(Records contained in a dataset)
(* Let $G$ be a mixed abelian group in which every subgroup is an essential subgroup of some direct summand of $G$. Then $G = D \oplus R$, where $D$ is a divisible group and $R$ is a reduced torsion-free group.
   Context: All groups are additively written abelian groups; a mixed group contains both non-zero elements of finite order and elements of infinite order. A subgroup $H$ of a group $A$ is essential in $A$ if $H \cap S \neq \{0\}$ for every non-zero subgroup $S$ of $A$. *)

(* an abelian group (possibly infinite) is a zmodType;
   subgroups are Prop-valued predicates closed under 0 and subtraction. *)
From mathcomp Require Import all_boot all_algebra.
Set Implicit Arguments. Unset Strict Implicit. Unset Printing Implicit Defensive.
Import GRing.Theory.
Local Open Scope ring_scope.

Section AbGroups.
Variable G : zmodType.

Definition is_subgroup (H : G -> Prop) : Prop :=
  H 0 /\ (forall x y, H x -> H y -> H (x - y)).

Definition subset (A B : G -> Prop) : Prop := forall x, A x -> B x.

Definition internal_direct_sum (A B : G -> Prop) : Prop :=
  is_subgroup A /\ is_subgroup B /\
  (forall x, A x -> B x -> x = 0) /\
  (forall g, exists a b, A a /\ B b /\ g = a + b).

Definition direct_summand (S : G -> Prop) : Prop :=
  exists T : G -> Prop, internal_direct_sum S T.

Definition essential_in (H A : G -> Prop) : Prop :=
  is_subgroup H /\ is_subgroup A /\ subset H A /\
  (forall S : G -> Prop, is_subgroup S -> subset S A ->
     (exists s, S s /\ s <> 0) -> exists x, H x /\ S x /\ x <> 0).

Definition finite_order (x : G) : Prop := exists n : nat, (0 < n)%N /\ x *+ n = 0.

Definition mixed_group : Prop :=
  (exists x : G, x <> 0 /\ finite_order x) /\ (exists y : G, ~ finite_order y).

Definition divisible (D : G -> Prop) : Prop :=
  forall d, D d -> forall n : nat, (0 < n)%N -> exists e, D e /\ e *+ n = d.

Definition reduced (R : G -> Prop) : Prop :=
  forall D : G -> Prop, is_subgroup D -> subset D R -> divisible D ->
    forall x, D x -> x = 0.

Definition torsion_free (R : G -> Prop) : Prop :=
  forall x, R x -> forall n : nat, (0 < n)%N -> x *+ n = 0 -> x = 0.

End AbGroups.

From Pilot Require Import Defs.
From mathcomp Require Import all_boot all_algebra.
Set Implicit Arguments. Unset Strict Implicit. Unset Printing Implicit Defensive.
Import GRing.Theory.
Local Open Scope ring_scope.

(* Let y have infinite order.  For a torsion element t and m > 0 the cyclic
   group <my + t> is torsion-free, so a summand S, G = S + C, in which it is
   essential meets the torsion subgroup T trivially; this forces T into C, and
   then, writing y = s + c, the element my + t - ms = mc + t lies in S and C,
   so -c is an m-th root of t in T.  Thus T is divisible and lies in the
   maximal divisible subgroup D.  A summand S in which D is essential is D
   itself: a nonzero x in S has a multiple kx = ke with e in D, and x - e is
   torsion.  The complement of D is then reduced and torsion-free. *)

Section MixedGroups.
Variable G : zmodType.
Implicit Types (x y z : G) (A B H S C D : G -> Prop).

Lemma subgroup0 S : is_subgroup S -> S 0.
Proof. by case. Qed.

Lemma subgroupB S x y : is_subgroup S -> S x -> S y -> S (x - y).
Proof. by case=> _; apply. Qed.

Lemma subgroupN S x : is_subgroup S -> S x -> S (- x).
Proof. by move=> sS Sx; rewrite -sub0r; apply: subgroupB => //; apply: subgroup0. Qed.

Lemma subgroupD S x y : is_subgroup S -> S x -> S y -> S (x + y).
Proof. by move=> sS Sx Sy; rewrite -[y]opprK; apply: subgroupB => //; apply: subgroupN. Qed.

Lemma subgroupMn S x n : is_subgroup S -> S x -> S (x *+ n).
Proof.
move=> sS Sx; elim: n => [|n IHn]; first by rewrite mulr0n; apply: subgroup0.
by rewrite mulrSr; apply: subgroupD.
Qed.

Lemma subgroupMz S x i : is_subgroup S -> S x -> S (x *~ i).
Proof. by move=> sS Sx; case: i => n /=; [|apply: subgroupN => //]; apply: subgroupMn. Qed.

Lemma subgroup_pm S x y : is_subgroup S -> S y -> x = y \/ x = - y -> S x.
Proof. by move=> sS Sy [->|->] //; apply: subgroupN. Qed.

Lemma finite_order_subgroup : is_subgroup (@finite_order G).
Proof.
split; first by exists 1%N; rewrite mul0rn.
move=> x y [n [n_gt0 xn0]] [m [m_gt0 ym0]]; exists (n * m)%N.
by rewrite muln_gt0 n_gt0 mulrnBl mulrnA xn0 mul0rn mulnC mulrnA ym0 mul0rn subr0.
Qed.

Lemma finite_orderMn x k : (0 < k)%N -> finite_order (x *+ k) <-> finite_order x.
Proof.
move=> k_gt0; split=> [[n [n_gt0 xkn0]] | xtor]; last exact: subgroupMn finite_order_subgroup xtor.
by exists (k * n)%N; rewrite muln_gt0 k_gt0 mulrnA.
Qed.

Definition multiples x : G -> Prop := fun g => exists i : int, g = x *~ i.

Lemma multiples_subgroup x : is_subgroup (multiples x).
Proof.
split; first by exists 0; rewrite mulr0z.
by move=> _ _ [i ->] [j ->]; exists (i - j); rewrite mulrzBr.
Qed.

Lemma multiples_self x : multiples x x.
Proof. by exists 1; rewrite mulr1z. Qed.

Lemma multiples_min S x : is_subgroup S -> S x -> Defs.subset (multiples x) S.
Proof. by move=> sS Sx _ [i ->]; apply: subgroupMz. Qed.

Lemma multiples_neq0 x h : multiples x h -> h != 0 ->
  exists2 k, (0 < k)%N & h = x *+ k \/ h = - (x *+ k).
Proof.
move=> [[[|n]|n] ->] h_neq0; first by rewrite mulr0z eqxx in h_neq0.
- by exists n.+1 => //; left.
- by exists n.+1 => //; right.
Qed.

Lemma multiples_torsion_free x : ~ finite_order x -> torsion_free (multiples x).
Proof.
move=> x_inf h xh n n_gt0 hn0; have [//|h_neq0] := eqVneq h 0.
have [k k_gt0 h_pm] := multiples_neq0 xh h_neq0.
have xk_pm : x *+ k = h \/ x *+ k = - h by case: h_pm => ->; [left | right; rewrite opprK].
case: x_inf; apply/(finite_orderMn x k_gt0).
by apply: subgroup_pm finite_order_subgroup _ xk_pm; exists n.
Qed.

Lemma essential_mulrn H S x : essential_in H S -> S x -> x != 0 ->
  exists2 k, (0 < k)%N & H (x *+ k) /\ x *+ k != 0.
Proof.
move=> [sH [sS [_ essHS]]] Sx x_neq0.
have [|h [Hh [xh /eqP h_neq0]]] := essHS _ (multiples_subgroup x) (multiples_min sS Sx).
  by exists x; split; [apply: multiples_self | apply/eqP].
have [k k_gt0 h_pm] := multiples_neq0 xh h_neq0.
exists k => //; split.
- by apply: subgroup_pm sH Hh _; case: h_pm => ->; [left | right; rewrite opprK].
- by case: h_pm h_neq0 => ->; rewrite ?oppr_eq0.
Qed.

Lemma torsion_in_complement H S C :
  essential_in H S -> internal_direct_sum S C -> torsion_free H ->
  Defs.subset (@finite_order G) C.
Proof.
move=> essHS [sS [sC [SC0 decomp]]] tfH x [n [n_gt0 xn0]].
have [s [c [Ss [Cc x_eq]]]] := decomp x; rewrite {}x_eq in xn0 *.
have sn0 : s *+ n = 0.
  apply: SC0; first exact: subgroupMn.
  have -> : s *+ n = - (c *+ n) by apply/eqP; rewrite -addr_eq0 -mulrnDl xn0.
  by apply: subgroupN => //; apply: subgroupMn.
have [->|s_neq0] := eqVneq s 0; first by rewrite add0r.
have [k k_gt0 [Hsk /eqP[]]] := essential_mulrn essHS Ss s_neq0.
by apply: (tfH _ Hsk n n_gt0); rewrite mulrnAC sn0 mul0rn.
Qed.

Lemma torsion_divisible y : ~ finite_order y ->
  (forall H, is_subgroup H -> exists S, direct_summand S /\ essential_in H S) ->
  divisible (@finite_order G).
Proof.
move=> y_inf summand_hull t t_tor m m_gt0.
pose z := y *+ m + t.
have z_inf : ~ finite_order z.
  move=> z_tor; apply/y_inf/(finite_orderMn y m_gt0).
  by rewrite -(addrK t (y *+ m)); apply: subgroupB finite_order_subgroup z_tor t_tor.
have [S [[C dsSC] essHS]] := summand_hull _ (multiples_subgroup z).
have T_C := torsion_in_complement essHS dsSC (multiples_torsion_free z_inf).
have [sS [sC [SC0 decomp]]] := dsSC.
have [s [c [Ss [Cc y_eq]]]] := decomp y.
have cmt0 : c *+ m + t = 0.
  apply: SC0; last by apply: subgroupD => //; [apply: subgroupMn | apply: T_C].
  have -> : c *+ m + t = z - s *+ m.
    by rewrite /z y_eq mulrnDl -(addrA (s *+ m)) [s *+ m + _]addrC addrK.
  apply: subgroupB (subgroupMn _ sS Ss) => //.
  by case: essHS => _ [_ [H_S _]]; apply/H_S/multiples_self.
have cm_eq : c *+ m = - t by apply/eqP; rewrite -addr_eq0 cmt0.
exists (- c); split.
- apply: subgroupN finite_order_subgroup _; apply/(finite_orderMn c m_gt0).
  by rewrite cm_eq; apply: subgroupN finite_order_subgroup _.
- by rewrite mulNrn cm_eq opprK.
Qed.

Definition subgroup_sum A B : G -> Prop :=
  fun z => exists a b, A a /\ B b /\ z = a + b.

Lemma subgroup_sum_subgroup A B :
  is_subgroup A -> is_subgroup B -> is_subgroup (subgroup_sum A B).
Proof.
move=> sA sB; split.
  by exists 0, 0; split; [exact: subgroup0 | split; [exact: subgroup0 | rewrite addr0]].
move=> _ _ [a [b [Aa [Bb ->]]]] [a' [b' [Aa' [Bb' ->]]]].
exists (a - a'), (b - b'); split; first exact: subgroupB.
by split; [exact: subgroupB | rewrite opprD addrACA].
Qed.

Lemma divisible_subgroup_sum A B :
  divisible A -> divisible B -> divisible (subgroup_sum A B).
Proof.
move=> dA dB _ [a [b [Aa [Bb ->]]]] n n_gt0.
have [a' [Aa' a'n]] := dA a Aa n n_gt0; have [b' [Bb' b'n]] := dB b Bb n n_gt0.
by exists (a' + b'); split; [exists a', b' | rewrite mulrnDl a'n b'n].
Qed.

Definition divisible_part : G -> Prop :=
  fun x => exists D, is_subgroup D /\ divisible D /\ D x.

Lemma divisible_part_max D :
  is_subgroup D -> divisible D -> Defs.subset D divisible_part.
Proof. by move=> sD dD x Dx; exists D. Qed.

Lemma divisible_part_divisible : divisible divisible_part.
Proof.
move=> d [D [sD [dD Dd]]] n n_gt0; have [e [De en]] := dD d Dd n n_gt0.
by exists e; split=> //; exists D.
Qed.

Lemma divisible_part_subgroup : is_subgroup divisible_part.
Proof.
split.
  exists (fun x => x = 0); split; last by split=> // _ -> n _; exists 0; rewrite mul0rn.
  by split=> // _ _ -> ->; rewrite subr0.
move=> a b [D1 [sD1 [dD1 D1a]]] [D2 [sD2 [dD2 D2b]]].
exists (subgroup_sum D1 D2); split; first exact: subgroup_sum_subgroup.
split; first exact: divisible_subgroup_sum.
by exists a, (- b); split=> //; split; first exact: subgroupN.
Qed.

Lemma essential_extension_sub D S :
  divisible D -> Defs.subset (@finite_order G) D -> essential_in D S ->
  Defs.subset S D.
Proof.
move=> dD T_D essDS x Sx; have sD : is_subgroup D by case: essDS.
have [->|x_neq0] := eqVneq x 0; first exact: subgroup0.
have [k k_gt0 [Dxk _]] := essential_mulrn essDS Sx x_neq0.
have [e [De ek]] := dD _ Dxk k k_gt0.
have D_xe : D (x - e) by apply: T_D; exists k; rewrite mulrnBl ek subrr.
by rewrite -(subrK e x); apply: subgroupD.
Qed.

Lemma complement_reduced S C :
  internal_direct_sum S C -> Defs.subset divisible_part S -> reduced C.
Proof.
move=> [_ [_ [SC0 _]]] D_S D sD D_C dD x Dx.
by apply: SC0 (D_C _ Dx); apply/D_S/(divisible_part_max sD dD).
Qed.

Lemma complement_torsion_free S C :
  internal_direct_sum S C -> Defs.subset (@finite_order G) S -> torsion_free C.
Proof. by move=> [_ [_ [SC0 _]]] T_S x Cx n n_gt0 xn0; apply: SC0 Cx; apply: T_S; exists n. Qed.

End MixedGroups.

Theorem corollary2p16 (G : zmodType) :
  mixed_group G ->
  (forall H : G -> Prop, is_subgroup H ->
     exists S : G -> Prop, direct_summand S /\ essential_in H S) ->
  exists D R : G -> Prop,
    internal_direct_sum D R /\ divisible D /\ reduced R /\ torsion_free R.
Proof.
move=> [_ [y y_inf]] summand_hull.
have T_div := torsion_divisible y_inf summand_hull.
have T_D := divisible_part_max (finite_order_subgroup G) T_div.
have [S [[C dsSC] essDS]] := summand_hull _ (divisible_part_subgroup G).
have S_D := essential_extension_sub (@divisible_part_divisible G) T_D essDS.
have [_ [_ [D_S _]]] := essDS.
exists S, C; split=> //; split; last split.
- move=> d Sd n n_gt0; have [e [De en]] := divisible_part_divisible (S_D d Sd) n_gt0.
  by exists e; split=> //; apply: D_S.
- exact: complement_reduced dsSC D_S.
- by apply: complement_torsion_free dsSC _ => x /T_D /D_S.
Qed.
(** * Dimension of the filtration pieces *)

Lemma indep_mod_size_le (K : P -> Prop) (ws : seq W) (ps rs : seq P) :
  is_ideal K -> indep_mod K ps -> size rs = size ps ->
  (forall i, (i < size ps)%N -> K (fun w => nth z0 ps i w - nth z0 rs i w)) ->
  (forall i w, (i < size rs)%N -> w \notin ws -> nth z0 rs i w = 0) ->
  (size ps <= size ws)%N.
Proof.
move=> K_ideal ps_indep size_rs K_ps_rs supp_rs; rewrite leqNgt -size_rs; apply/negP => size_lt.
have [c [[i i_lt /negP ci] rs0]] := exists_lin_comb_eq0 supp_rs size_lt.
apply/ci/eqP; apply: (ps_indep c); last by rewrite -size_rs.
apply: ideal_ext (ideal_lin_comb_sub K_ideal c (esym size_rs) K_ps_rs) _ => w.
by rewrite rs0 subr0.
Qed.

Fixpoint words_of_size (k : nat) : seq W :=
  if k is k'.+1 then [seq x :: w | x <- enum X, w <- words_of_size k'] else [:: [::]].

Lemma mem_words_of_size k w : (w \in words_of_size k) = (size w == k).
Proof.
elim: k w => [|k IH] [|x w] //=; first by apply/allpairsP => -[[? ?] []].
apply/allpairsP/idP => [[[y v] /= [_ v_in [_ ->]]] | size_w]; first by rewrite eqSS -IH.
by exists (x, w); rewrite mem_enum IH -eqSS.
Qed.

Definition words_upto (n : nat) : seq W :=
  undup (flatten [seq words_of_size k | k <- iota 0 n.+1]).

Lemma mem_words_upto n w : (w \in words_upto n) = (size w <= n)%N.
Proof.
rewrite mem_undup; apply/flattenP/idP => [[s /mapP [k k_in ->]] | w_le].
  by rewrite mem_words_of_size => /eqP ->; move: k_in; rewrite mem_iota ltnS.
by exists (words_of_size (size w)); rewrite ?mem_words_of_size //; apply: map_f; rewrite mem_iota ltnS.
Qed.

Lemma uniq_words_upto n : uniq (words_upto n).
Proof. exact: undup_uniq. Qed.

Lemma deg_le_words_upto n (p : P) w : deg_le n p -> w \notin words_upto n -> p w = 0.
Proof. by move=> p_deg; rewrite mem_words_upto -ltnNge => /p_deg. Qed.

Lemma is_quot_filt_dim_exists (K : P -> Prop) n : is_ideal K -> exists k, is_quot_filt_dim K n k.
Proof.
move=> K_ideal.
pose indep_of_size k := asbool (exists ps : seq P,
  size ps = k /\ (forall p, List.In p ps -> deg_le n p) /\ indep_mod K ps).
have ex0 : exists k, indep_of_size k.
  by exists 0%N; apply/asboolP; exists [::]; split=> //; split => // c.
have bounded k : indep_of_size k -> (k <= size (words_upto n))%N.
  move=> /asboolP [ps [<- [ps_deg ps_indep]]].
  apply: (indep_mod_size_le K_ideal ps_indep (erefl _)) => [i _ | i w i_lt].
    by apply: ideal0 => // w; rewrite subrr.
  by apply: deg_le_words_upto; apply: ps_deg; apply: In_nth.
have [k /asboolP [ps [ps_size ps_good]] k_max] := ex_maxnP ex0 bounded.
exists k; split; first by exists ps.
by move=> qs qs_deg qs_indep; apply: k_max; apply/asboolP; exists qs.
Qed.

Lemma quot_filt_dimP (K : P -> Prop) n : is_ideal K -> is_quot_filt_dim K n (quot_filt_dim K n).
Proof. by move=> K_ideal; apply: epsilon_spec; apply: is_quot_filt_dim_exists. Qed.

Lemma quot_filt_dim_ge (K : P -> Prop) n (ps : seq P) : is_ideal K ->
  (forall p, List.In p ps -> deg_le n p) -> indep_mod K ps ->
  (size ps <= quot_filt_dim K n)%N.
Proof. by move=> K_ideal; case: (quot_filt_dimP n K_ideal) => _; apply. Qed.

Lemma quot_filt_dim_le (K : P -> Prop) n (ws : seq W) : is_ideal K ->
  (forall p, deg_le n p ->
     exists r : P, K (fun w => p w - r w) /\ forall w, w \notin ws -> r w = 0) ->
  (quot_filt_dim K n <= size ws)%N.
Proof.
move=> K_ideal reduce; case: (quot_filt_dimP n K_ideal) => [[ps [<- [ps_deg ps_indep]]] _].
have [rs [size_rs rs_red]] := seq_choice z0 z0 (fun p p_in => reduce p (ps_deg p p_in)).
apply: (indep_mod_size_le K_ideal ps_indep size_rs) => [i /rs_red [] // | i w].
by rewrite size_rs => /rs_red [_]; apply.
Qed.

(** * Normal words *)

Lemma deg_le_map_mon n (ws : seq W) : (forall u, u \in ws -> (size u <= n)%N) ->
  forall p, List.In p (map mon ws) -> deg_le n p.
Proof.
elim: ws => [|x ws IH] ws_le p //= [<- w w_gt | p_in].
  by rewrite /nc_mon; case: eqP => // w_x; move: w_gt; rewrite w_x ltnNge ws_le ?mem_head.
by apply: IH => // u u_in; apply: ws_le; rewrite inE u_in orbT.
Qed.

Section NormalWords.
Variable S : W -> Prop.

Definition normal (w : W) : Prop := forall a s b, w = a ++ s ++ b -> ~ S s.

Lemma normal_catl (a b : W) : normal (a ++ b) -> normal a.
Proof. by move=> ab_normal x s y a_eq; apply: (ab_normal x s (y ++ b)); rewrite a_eq -!catA. Qed.

Lemma normal_catr (a b : W) : normal (a ++ b) -> normal b.
Proof. by move=> ab_normal x s y b_eq; apply: (ab_normal (a ++ x) s y); rewrite b_eq -!catA. Qed.

Lemma normal_notin (w : W) : normal w -> ~ S w.
Proof. by move=> w_normal; apply: (w_normal [::] w [::]); rewrite cats0. Qed.

Lemma not_normalP (w : W) : ~ normal w -> exists a s b, w = a ++ s ++ b /\ S s.
Proof.
move=> w_not; apply: NNPP => no_factor; apply: w_not => a s b w_eq Ss.
by apply: no_factor; exists a, s, b.
Qed.

Definition normal_words (n : nat) : seq W := [seq w <- words_upto n | asbool (normal w)].

Lemma uniq_normal_words n : uniq (normal_words n).
Proof. exact/filter_uniq/uniq_words_upto. Qed.

Lemma mem_normal_words n w : w \in normal_words n <-> normal w /\ (size w <= n)%N.
Proof. by rewrite mem_filter mem_words_upto; split => [/andP [/asboolP] | [/asboolP -> ->]]. Qed.
(* A connected graph $G$ belongs to DH $\cap$ co-DH if and only if $G$ admits a sequence of twin eliminations ending in a graph isomorphic to an induced subgraph of the Bull.
   Context: All graphs are finite and simple. A graph is distance-hereditary if it has no induced subgraph isomorphic to a hole (an induced cycle of length at least $5$), the house (a $5$-cycle plus one chord), the domino (a $6$-cycle $v_1\dots v_6$ plus the chord $v_1v_4$), or the gem ($P_4$ plus a vertex adjacent to all four of its vertices). DH $\cap$ co-DH is the class of graphs $G$ such that both $G$ and its complement are distance-hereditary. Two distinct vertices $u,v$ are twins if $N(u)\setminus\{u,v\}=N(v)\setminus\{u,v\}$. A sequence of twin eliminations from $G$ to $H$ is a sequence $G=G_0,G_1,\dots,G_k=H$ ($k\ge 0$) where each $G_{i+1}=G_i-v_i$ for some vertex $v_i$ of $G_i$ having a twin in $G_i$. The Bull is the graph on vertices $a,b,c,d,e$ with edges $ab,bc,ca,ad,be$. *)

(* Finite simple graphs: a finType of vertices with a
   symmetric irreflexive boolean adjacency relation. *)
From mathcomp Require Import all_boot.
Set Implicit Arguments. Unset Strict Implicit. Unset Printing Implicit Defensive.

Definition compl (T : finType) (e : rel T) : rel T :=
  fun x y => (x != y) && ~~ e x y.

Definition connected_graph (T : finType) (e : rel T) : Prop :=
  (0 < #|T|) /\ forall x y : T, connect e x y.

**Problem to solve:** Go through the records. Copy each line where "MixedGroups" appears.

**Answer:**
Section MixedGroups.
End MixedGroups.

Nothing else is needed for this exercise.